Field development planning and economic analysis require reliable forecasting of bitumen production. Forecasting at the field level may be done using reservoir simulations, type-curve analysis, and other (semi-)analytical techniques. Performing reservoir simulation is usually computationally expensive and the non-uniqueness of a history-matched solution leads to uncertainty in the model predictions and production forecasts. Analytical proxies, such as Butler's model and its various improvements, allow for sensitivity studies on input parameters and forecasting under multiple operational scenarios and geostatistical realizations to be conducted rather quickly, despite being less accurate than reservoir simulation. Similar to their reservoir simulation counterparts, proxy models can also be tuned or updated as more data are obtained. Type curves also facilitate efficient reservoir performance prediction; however, in practice, the performance of many SAGD well-pairs tends to deviate from a set of pre-defined type curves.

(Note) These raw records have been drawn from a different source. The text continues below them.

Lemma pair_momentE B F G :
  pair_moment B F G = \sum_k \sum_l \sum_i \sum_j B i j * B k l * F i k * G j l.
Proof. exact: exchange_big_pairs. Qed.

Lemma pair_moment_swap B F G :
  pair_moment B F G = pair_moment B (fun i k => F k i) (fun j l => G l j).
Proof.
by rewrite pair_momentE; do 4![apply: eq_bigr => ? _]; rewrite [B _ _ * _]mulrC.
Qed.

Lemma pair_momentC B F G :
  pair_moment B F G = pair_moment (fun i j => B j i) G F.
Proof.
rewrite /pair_moment exchange_big; apply: eq_bigr => j _; apply: eq_bigr => i _.
rewrite exchange_big; apply: eq_bigr => l _; apply: eq_bigr => k _.
by rewrite mulrAC.
Qed.

Lemma pair_momentDl B F F' G :
  pair_moment B (fun i k => F i k + F' i k) G =
  pair_moment B F G + pair_moment B F' G.
Proof.
rewrite /pair_moment -big_split; apply: eq_bigr => i _.
rewrite -big_split; apply: eq_bigr => j _.
rewrite -big_split; apply: eq_bigr => k _.
by rewrite -big_split; apply: eq_bigr => l _; rewrite mulrDr mulrDl.
Qed.

Section ColumnSums.
Variables (B : I -> I -> R) (c : I -> R).
Hypothesis B_col : forall j, \sum_i B i j = c j.

Lemma pair_moment_fun1 u G :
  pair_moment B (fun i _ => u i) G =
  \sum_i \sum_j B i j * (u i * \sum_l c l * G j l).
Proof.
do 2![apply: eq_bigr => ? _]; rewrite exchange_big !mulr_sumr.
apply: eq_bigr => l _; rewrite -B_col !mulr_suml !mulr_sumr.
by apply: eq_bigr => k _; ring.
Qed.

Lemma pair_moment_addl F G u v :
  pair_moment B (fun i k => F i k + (u i + v k)) G =
  pair_moment B F G +
  \sum_i \sum_j B i j * (u i * \sum_l c l * G j l + v i * \sum_l c l * G l j).
Proof.
rewrite !pair_momentDl (pair_moment_fun1 u G).
rewrite (pair_moment_swap B (fun _ k => v k)) (pair_moment_fun1 v).
congr (_ + _); rewrite -big_split; apply: eq_bigr => i _.
by rewrite -big_split; apply: eq_bigr => j _; rewrite mulrDr.
Qed.

End ColumnSums.

Lemma pair_moment_addr B r F G u v :
    (forall i, \sum_j B i j = r i) ->
    (forall i, \sum_k r k * F i k = 0) -> (forall k, \sum_i r i * F i k = 0) ->
  pair_moment B F (fun j l => G j l + (u j + v l)) = pair_moment B F G.
Proof.
move=> B_row F_row F_col.
rewrite pair_momentC (pair_moment_addl B_row) [RHS]pair_momentC.
rewrite [X in _ + X]big1 ?addr0 // => j _; rewrite big1 // => i _.
by rewrite F_row F_col !mulr0 addr0 mulr0.
Qed.

Lemma sum_a_ix m dd : \sum_k m k * a_ix m dd k = D_ix m dd.
Proof.
by apply: eq_bigr => k _; rewrite mulr_sumr; apply: eq_bigr => l _; rewrite mulrA.
Qed.

Section Centering.
Variables (r : I -> R) (dd : I -> I -> R).
Hypotheses (r_sum1 : \sum_i r i = 1) (dd_sym : forall i k, dd i k = dd k i).

Lemma dcent_ix_sym i k : dcent_ix r dd i k = dcent_ix r dd k i.
Proof. by rewrite /dcent_ix dd_sym; ring. Qed.
(* For [a != 1] the smoothing [smooth K a] is an affine bijection that sends
   [qRL K a g] to [softmax K g], and [DSKL K a p q] is the Kullback-Leibler
   divergence of the smoothed vectors, which are probability vectors whenever
   [p] and [q] lie in [sinv_simplex K a]. Nonnegativity and the equality case
   are Gibbs' inequality, obtained by summing [x ln (x / y) >= x - y];
   joint convexity is the log-sum inequality; (B7) and (B8) follow from the
   identity [smooth K (K - (K - 1) a) ((1 - v) / (K - 1)) = smooth K a v].
   In the minimisation problems over [qRL K a g] the target [smooth K a e1] is
   compared with [softmax K g]. It is itself a value of [softmax K] exactly
   when all its coordinates are positive, i.e. for [0 < a < K / (K - 1)],
   which gives the finite minimiser. Otherwise, and in (B5) where [e1] is
   compared with [softmax K g], the divergence is positive everywhere and
   tends to [0] along the ray [(t, 0, ..., 0)] as [t] tends to [+oo], or to
   [-oo] when [a = K / (K - 1)]. *)

Section xlogxy.
Variable R : realType.
Implicit Types x y r : R.

Lemma ln_le_subr1 (t : R) : 0 < t -> ln t <= t - 1.
Proof.
by move=> t0; rewrite -ler_expR lnK ?posrE //; have := expR_ge1Dx (t - 1); rewrite addrC subrK.
Qed.

Lemma ln_lt_subr1 (t : R) : 0 < t -> t != 1 -> ln t < t - 1.
Proof.
move=> t0 t1; rewrite -ltr_expR lnK ?posrE //.
by rewrite -subr_eq0 in t1; have := expR_gt1Dx t1; rewrite addrC subrK.
Qed.

Lemma mul_ln_div_subE x y : 0 < x -> 0 < y ->
  x * ln (x / y) - (x - y) = x * (y / x - 1 - ln (y / x)).
Proof.
move=> x0 y0; rewrite -[x / y]invf_div lnV ?posrE ?divr_gt0 //.
by rewrite !mulrDr mulrCA divff ?gt_eqF //; ring.
Qed.

Lemma sub_le_mul_ln_div x y : 0 < x -> 0 < y -> x - y <= x * ln (x / y).
Proof.
move=> x0 y0; rewrite -subr_ge0 mul_ln_div_subE // mulr_ge0 ?(ltW x0) //.
by rewrite subr_ge0 ln_le_subr1 ?divr_gt0.
Qed.

Lemma sub_lt_mul_ln_div x y : 0 < x -> 0 < y -> x != y -> x - y < x * ln (x / y).
Proof.
move=> x0 y0 xy; rewrite -subr_gt0 mul_ln_div_subE // mulr_gt0 // subr_gt0.
rewrite ln_lt_subr1 ?divr_gt0 //; apply: contra_neq xy => yx1.
by rewrite -[y](divfK (lt0r_neq0 x0)) yx1 mul1r.
Qed.

Lemma xlogxyE x y : x = 0 \/ y != 0 -> xlogxy x y = (x * ln (x / y))%:E.
Proof.
move=> h; rewrite /xlogxy; case: eqP => [->|x0]; first by rewrite mul0r.
by case: h => // /negPf ->.
Qed.

Lemma xlogxy0y y : xlogxy 0 y = 0%E.
Proof. by rewrite /xlogxy eqxx. Qed.

Lemma xlogxyx0 x : x != 0 -> xlogxy x 0 = +oo%E.
Proof. by rewrite /xlogxy eqxx => /negPf->. Qed.

Lemma xlogxyxx x : xlogxy x x = 0%E.
Proof. by rewrite /xlogxy; case: eqP => // /eqP x0; rewrite divff // ln1 mulr0. Qed.

Lemma xlogxy_gtNy x y : (-oo < xlogxy x y)%E.
Proof. by rewrite ltNye /xlogxy; case: ifP => //; case: ifP. Qed.

Lemma xlogxy_ge_sub x y : 0 <= x -> 0 <= y -> ((x - y)%:E <= xlogxy x y)%E.
Proof.
rewrite le_eqVlt => /predU1P[<- y0|x0]; first by rewrite xlogxy0y lee_fin; lra.
rewrite le_eqVlt => /predU1P[<-|y0]; first by rewrite xlogxyx0 ?gt_eqF ?leey.
by rewrite xlogxyE ?gt_eqF ?lee_fin ?sub_le_mul_ln_div //; right.
Qed.

Lemma xlogxy_gt_sub x y : 0 <= x -> 0 <= y -> x != y -> ((x - y)%:E < xlogxy x y)%E.
Proof.
rewrite le_eqVlt => /predU1P[<- y0|x0]; first by rewrite xlogxy0y lte_fin; lra.
rewrite le_eqVlt => /predU1P[<-|y0] xy; first by rewrite xlogxyx0 ?gt_eqF ?ltey.
by rewrite xlogxyE ?gt_eqF ?lte_fin ?sub_lt_mul_ln_div //; right.
Qed.

Lemma xlogxyMr x y c : 0 <= x -> 0 <= y -> 0 < c ->
  xlogxy x (y * c) = (xlogxy x y - (x * ln c)%:E)%E.
Proof.
rewrite le_eqVlt => /predU1P[<- _ _|x0]; first by rewrite !xlogxy0y mul0r sube0.
rewrite le_eqVlt => /predU1P[<- _|y0 c0]; first by rewrite mul0r !xlogxyx0 ?gt_eqF.
rewrite !xlogxyE ?mulf_neq0 ?gt_eqF //; try by right.
by rewrite -EFinB -mulrBr -ln_div ?posrE ?divr_gt0 // invfM mulrA.
Qed.

Lemma xlogxyZ r x y : 0 <= r -> xlogxy (r * x) (r * y) = (r%:E * xlogxy x y)%E.
Proof.
rewrite le_eqVlt => /predU1P[<-|r0]; first by rewrite !mul0r xlogxy0y mul0e.
have [->|x0] := eqVneq x 0; first by rewrite mulr0 !xlogxy0y mule0.
have [->|y0] := eqVneq y 0.
  by rewrite mulr0 !xlogxyx0 ?mulf_neq0 ?(gt_eqF r0) // mulry gtr0_sg ?mul1e.
rewrite !xlogxyE; try by right; rewrite ?mulf_neq0 ?(gt_eqF r0).
by rewrite -EFinM invfM mulrACA divff ?(gt_eqF r0) // mul1r mulrA.
Qed.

Historical well data is a digital asset that can be utilized to develop machine learning or data-driven models for the purpose of production forecasting. These models involve lower computational effort compared to numerical simulators and can offer better accuracy compared to proxy models based on Butler's equation. Furthermore, these data-driven models can be used for automated optimization, quantification of geological uncertainties, and "What If" scenario analysis due to its lower computational cost.

This paper presents a novel machine learning workflow that includes a predictive model development using the random forest algorithm, clustering (to group wells by geological properties), Bayesian updating, Monte Carlo sampling (for uncertainty quatification), and genetic algorithm for the forecasting of real-world SAGD injection and production data, and optimization. The training dataset involves field data that is typically available for a SAGD well-pair (e.g., operational data, geological, and well design parameters). Just as importantly, this machine learning workflow can update predictions in real-time, be applied for the quantification of the uncertainties associated with the forecasts, and optimize steam allocation, making it an important step for development planning and field-wide optimization. To the best of the author's knowledge, this is the first time that machine learning algorithms have been applied to a SAGD data set of this size.